Thanks for the replies folks.

if_confused_then_ask and Nigel

Thanks for the ideas. I am aware of the slow down with Script Editor ;). Also , I implemented the a reference to operator after the script object idea. I never tried timing them exactly and as a result didn’t notice any significant increase in speed.

However there was an increase when I implemented the script object(it was VERY obvious) and if the results are the same for both the a reference to operator and script object then I’m sure it does work !

The slow down occurs not when creating the list since this all happens way at the top . The list is created by reading an sqlite db file. This process is pretty quick. I will however look at that section again even if only to improve with a second or two :stuck_out_tongue:

The script actually slows down as it loops through each item, after about 3000-4000 items to be more precise. I suppose it could have something to do with the memory limitation in applescript.

I will try the tips Nigel gave and report back.

Thanks again folks
EM

As I understand it, you are reading an SQLite table of 25000 records into an AppleScript variable, then looping through that list to test if something exists.
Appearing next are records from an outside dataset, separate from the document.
Lemma normal_tail_le_C3_integrand (c m t : R) :
  0 < c -> 0 < m -> 0 <= t -> m * (1 + t) <= c ->
  Phi ((- c - m) / Num.sqrt (2 * m)) + (1 - Phi ((c - m) / Num.sqrt (2 * m)))
    <= C3_integrand c t.
Proof.
move=> c0 m0 t0 mc.
set A := Num.sqrt (2 + 2 * t); set B := Num.sqrt c; set S := Num.sqrt (2 * m).
have A0 : 0 < A by rewrite sqrtr_gt0; lra.
have B0 : 0 < B by rewrite sqrtr_gt0.
have S0 : 0 < S by rewrite sqrtr_gt0; lra.
have A2 : A ^+ 2 = 2 + 2 * t by rewrite sqr_sqrtr //; lra.
have B2 : B ^+ 2 = c by rewrite sqr_sqrtr //; lra.
have S2 : S ^+ 2 = 2 * m by rewrite sqr_sqrtr //; lra.
have mc' : m <= c by nra.
have key : 0 <= (c - m * (1 + t)) * (c - m + t * c).
  have tc : 0 <= t * c by apply: mulr_ge0; lra.
  by apply: mulr_ge0; lra.
have hN : (2 + t) * B * S <= (c + m) * A.
  rewrite -ler_sqr ?nnegrE ?mulr_ge0 //; try lra.
  by rewrite !exprMn A2 B2 S2; nra.
have h : t * B * S <= (c - m) * A.
  rewrite -ler_sqr ?nnegrE ?mulr_ge0 //; try lra.
  by rewrite !exprMn A2 B2 S2; nra.
have leN : (- c - m) / S <= thresholdN c t.
  rewrite /thresholdN -/A -/B -subr_ge0.
  rewrite [leRHS](_ : _ = ((c + m) * A - (2 + t) * B * S) / (S * A)).
    by rewrite divr_ge0 ?mulr_ge0 //; lra.
  by field; rewrite !gt_eqF.
have le : threshold c t <= (c - m) / S.
  rewrite /threshold -/A -/B -subr_ge0.
  rewrite [leRHS](_ : _ = ((c - m) * A - t * B * S) / (S * A)).
    by rewrite divr_ge0 ?mulr_ge0 //; lra.
  by field; rewrite !gt_eqF.
have := Phi_nondecreasing _ _ leN; have := Phi_nondecreasing _ _ le.
rewrite /C3_integrand; lra.
Qed.

Lemma gauss_law_abs_gt_le (c m t : R) :
  0 < c -> 0 <= m -> 0 <= t -> m * (1 + t) <= c ->
  (gauss_law m (2 * m) [set x : R | (c < `|x|)%R] <= (C3_integrand c t)%:E)%E.
Proof.
move=> c0 m0 t0 mc; rewrite /gauss_law.
have [->|m_neq0] := eqVneq m 0.
  rewrite mulr0 eqxx indicE (_ : (0:R) \in _ = false) ?lee_fin ?C3_integrand_ge0 //.
  by apply/negbTE/negP => /set_mem /=; rewrite normr0; lra.
have m_gt0 : 0 < m by rewrite lt_neqAle eq_sym m_neq0.
rewrite gt_eqF; last lra.
have s_gt0 : 0 < Num.sqrt (2 * m) by rewrite sqrtr_gt0; lra.
apply: le_trans (normal_prob_abs_gt _ _ _ s_gt0 (ltW c0)) _.
by rewrite lee_fin normal_tail_le_C3_integrand.
Qed.

End gauss_law_tail.

Lemma integral_nneseries_indic d (T : measurableType d) (R : realType)
    (mu : {measure set T -> \bar R}) (A : nat -> set T) :
  (forall n, measurable (A n)) ->
  (\int[mu]_x (\sum_(n <oo) (\1_(A n) x)%:E) = \sum_(n <oo) mu (A n))%E.
Proof.
move=> mA; rewrite integral_nneseries //.
  by apply: eq_eseriesr => n _; rewrite integral_indic // setIT.
by move=> n; apply/measurable_EFinP; exact: measurable_indic.
Qed.

Lemma expected_count_abs_gt d (T : measurableType d) (R : realType)
    (P : probability T R) (z : nat -> T -> R) (c : R) :
  (forall i, (1 <= i)%N -> measurable_fun setT (z i)) ->
  (\int[P]_w (\sum_(1 <= i <oo) ((c < `|z i w|)%R%:R)%:E) =
    \sum_(n <oo) P (z n.+1 @^-1` [set x | (c < `|x|)%R]))%E.
Proof.
move=> mz; set A := [set x | (c < `|x|)%R].
have mA : measurable A := measurable_abs_gt c.
rewrite -integral_nneseries_indic; last first.
  by move=> n; rewrite -[X in measurable X]setTI; exact: mz.
apply: eq_integral => w _; apply/esym.
transitivity (\big[+%E/0%E]_(0 <= n <oo) ((c < `|z (n + 1)%N w|)%R%:R : R)%:E).
  by apply: eq_eseriesr => n _; rewrite addn1 indicE /in_mem /= /in_set asboolb.
by apply: (@nneseries_addn R (fun i => ((c < `|z i w|)%R%:R)%:E) 1) => i; rewrite lee_fin.
Qed.
Lemma size_subst_count h q x :
  size (letters q) + count_mem (Var x) q * size (h x) <= size (subst h q).
Proof.
elim: q => [|[y|a] q IH]; rewrite ?mul0n //.
  rewrite letters_cons_var subst_cons_var size_cat /=; case: (eqVneq (Var y) (Var x)) => [[->]|_].
    by rewrite add1n mulSn addnCA leq_add2l.
  by rewrite add0n (leq_trans IH) ?leq_addl.
Qed.

Definition once_in (p : pattern) (s : sym) : bool :=
  if s is Var x then count_mem (Var x) p == 1 else true.

Definition linearize (p : pattern) : pattern := filter (once_in p) p.

Lemma letters_linearize p : letters (linearize p) = letters p.
Proof. exact: subst_filter. Qed.

Lemma linear_linearize p : linear_pat (linearize p).
Proof.
move=> x; rewrite count_filter.
case: (boolP (count_mem (Var x) p == 1)) => [/eqP <-|px]; first by apply: sub_count => s /andP[].
by rewrite (@eq_count _ _ pred0) ?count_pred0 // => s /=; case: eqP => // ->; exact: negbTE.
Qed.

Lemma inL_linearize p w : inL (linearize p) w -> inL p w.
Proof.
case=> h ->; exists (fun x => if once_in p (Var x) then h x else [::]).
rewrite -[RHS](@subst_filter (once_in p)) // => [|x /=]; last by case: ifP.
by apply: eq_in_subst => x; rewrite mem_filter => /andP[-> _].
Qed.

(* A repeated variable contributes its image twice, so it must be erased here. *)
Lemma inL_linearize_size p w :
  size w = (size (letters p)).+1 -> inL p w -> inL (linearize p) w.
Proof.
move=> sw [h wE]; exists (fun x => if once_in p (Var x) then h x else [::]).
rewrite subst_filter // => [|x /=]; last by case: ifP.
rewrite wE.
apply: eq_in_subst => x xp /=; case: ifP => // /negbT px.
have cx : 1 < count_mem (Var x) p by rewrite ltn_neqAle eq_sym px -has_count has_pred1.
have := size_subst_count h p x; rewrite -wE sw.
case: (h x) => // y s /=; rewrite -[(size (letters p)).+1]addn1 leq_add2l.
by move/(leq_trans (leq_pmulr _ (ltn0Sn (size s))))/(leq_trans cx).
Qed.

Lemma inL_iff_subseq_letters p : (forall g c, inL p (insert_at (letters p) g c)) ->
  forall w, inL p w <-> subseq (letters p) w.
Proof.
move=> ins w; split; first exact: inL_subseq_letters.
have insl g c : inL (linearize p) (insert_at (letters (linearize p)) g c).
  by rewrite letters_linearize; apply: inL_linearize_size; rewrite ?size_insert_at.
move=> pw; apply: inL_linearize; apply: subseq_letters_inL (linear_linearize p)
  (var_framed_of_insertions insl) (short_letter_runs_of_insertions insl) _.
by rewrite letters_linearize.
Qed.

(** * Long runs of a letter *)

(* The empty pattern counts: it stands for an end of the pattern. *)
Definition ends_in_letter (q : pattern) := q = [::] \/ exists q0 a, q = rcons q0 (Let a).
Definition starts_with_letter (q : pattern) := q = [::] \/ exists a q0, q = Let a :: q0.

(* Either the factor [z] meets the image of a variable, which can then absorb an
   extra letter, or it is spelled by constant letters of [q] bordered by letters. *)
Lemma subst_factor_cases q h u z v : linear_pat q -> subst h q = u ++ z ++ v ->
  (exists z1 z2, z = z1 ++ z2 /\ forall d, inL q (u ++ z1 ++ d :: z2 ++ v)) \/
  (exists q1 q2, [/\ q = q1 ++ map Let z ++ q2, subst h q1 = u, subst h q2 = v,
                     ends_in_letter q1 & starts_with_letter q2]).
Proof.
elim: q u z => [|[x|a] q IH] u z lq.
- move=> /(congr1 size) /esym/eqP; rewrite !size_cat /= !addn_eq0 !size_eq0.
  by case/and3P=> /eqP-> /eqP-> /eqP->; right; exists [::], [::]; split=> //; left.
- rewrite subst_cons_var => /cat_eq_cat [[m [_ zv]]|[m [-> qm nm]]].
    left; exists [::], z; split=> // d.
    by rewrite cat0s zv -cat_cons catA; apply: inL_cons_var => //; exists h.
  have [[z1 [z2 [-> ins]]]|[q1 [q2 [-> q1u q2v eq1 sq2]]]] := IH _ _ (linear_behead lq) qm.
    by left; exists z1, z2; split=> // d; rewrite -catA; apply: inL_cons_var.
  right; exists (Var x :: q1), q2; split=> //.
    by rewrite subst_cons_var q1u.
  case: eq1 => [q10|[q0 [a ->]]]; first by move: nm; rewrite -q1u q10.
  by right; exists (Var x :: q0), a.
rewrite subst_cons_let; case: u => [|b u].
  case: z => [|b z]; rewrite !cat0s.
    by move=> <-; right; exists [::], (Let a :: q); split=> //; [left|right; exists a, q].
  case=> <- qz.
  have [[z1 [z2 [-> ins]]]|[q1 [q2 [-> q1u q2v eq1 sq2]]]] := IH [::] z (linear_behead lq) qz.
    by left; exists (a :: z1), z2; split=> // d; apply: inL_cons_let; exact: ins.
  case: eq1 => [q10|[q0 [c q1E]]].
    by right; exists [::], q2; rewrite q10; split=> //; left.
  by rewrite q1E subst_rcons in q1u; case: (subst h q0) q1u.
case=> <- qu.
have [[z1 [z2 [-> ins]]]|[q1 [q2 [-> q1u q2v eq1 sq2]]]] := IH u z (linear_behead lq) qu.
  by left; exists z1, z2; split=> // d; apply: inL_cons_let; exact: ins.
right; exists (Let a :: q1), q2; split=> //.
  by rewrite subst_cons_let q1u.
right; case: eq1 => [->|[q0 [c ->]]]; first by exists [::], a.
by exists (Let a :: q0), c.
Qed.

(* Every position of [t] at its start or right after a [~~ c] begins a run of at
   least [r] letters [c]; the default [~~ c] of [last] makes the start count. *)
Definition long_runs (c : bool) (r : nat) (t : word) :=
  forall X Y, t = X ++ Y -> last (~~ c) X = ~~ c -> prefix (nseq r c) Y.

Lemma long_runs_nseq c r n : r <= n -> long_runs c r (nseq n c).
Proof.
move=> rn X Y; case/lastP: X => [|X x].
  by rewrite cat0s => <- _; rewrite -(subnKC rn) nseqD prefix_prefix.
move/(congr1 (fun s => x \in s)); rewrite mem_cat mem_rcons mem_head mem_nseq /=.
by case/andP=> _ /eqP ->; rewrite last_rcons; case: c.
Qed.

Lemma long_runs_cat_cons c r t1 a t2 :
  long_runs c r t1 -> long_runs c r t2 -> long_runs c r (t1 ++ a :: t2).
Proof.
move=> lr1 lr2 X Y /cat_eq_cat [[m [t1E ->]]|[m [-> am nm]]] lX.
  exact/prefix_catl/(lr1 X m).
case: m am nm lX => [//|b m [<- t2E] _]; rewrite last_cat /= => lX.
apply: (lr2 m Y t2E); case/lastP: m lX {t2E} => [|m x]; by rewrite ?last_rcons.
Qed.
Is that right? No wonder it’s slow :wink:

Why don’t you use the SQLite database for the searching, since it’s much better at it than AppleScript lists. Your pseudo code would be something like:

SQLSelect(“select exists (select 1 from MyHugeTableOfFiles where FileName = '” & myFileNameToMatch & “';”)

which will return 1 if it exists, 0 if it doesn’t.

If your search is more complex, then you are still much better off doing the actual search in SQL rather than transferring a pile of data into AppleScript and searching there.

Tom
BareFeet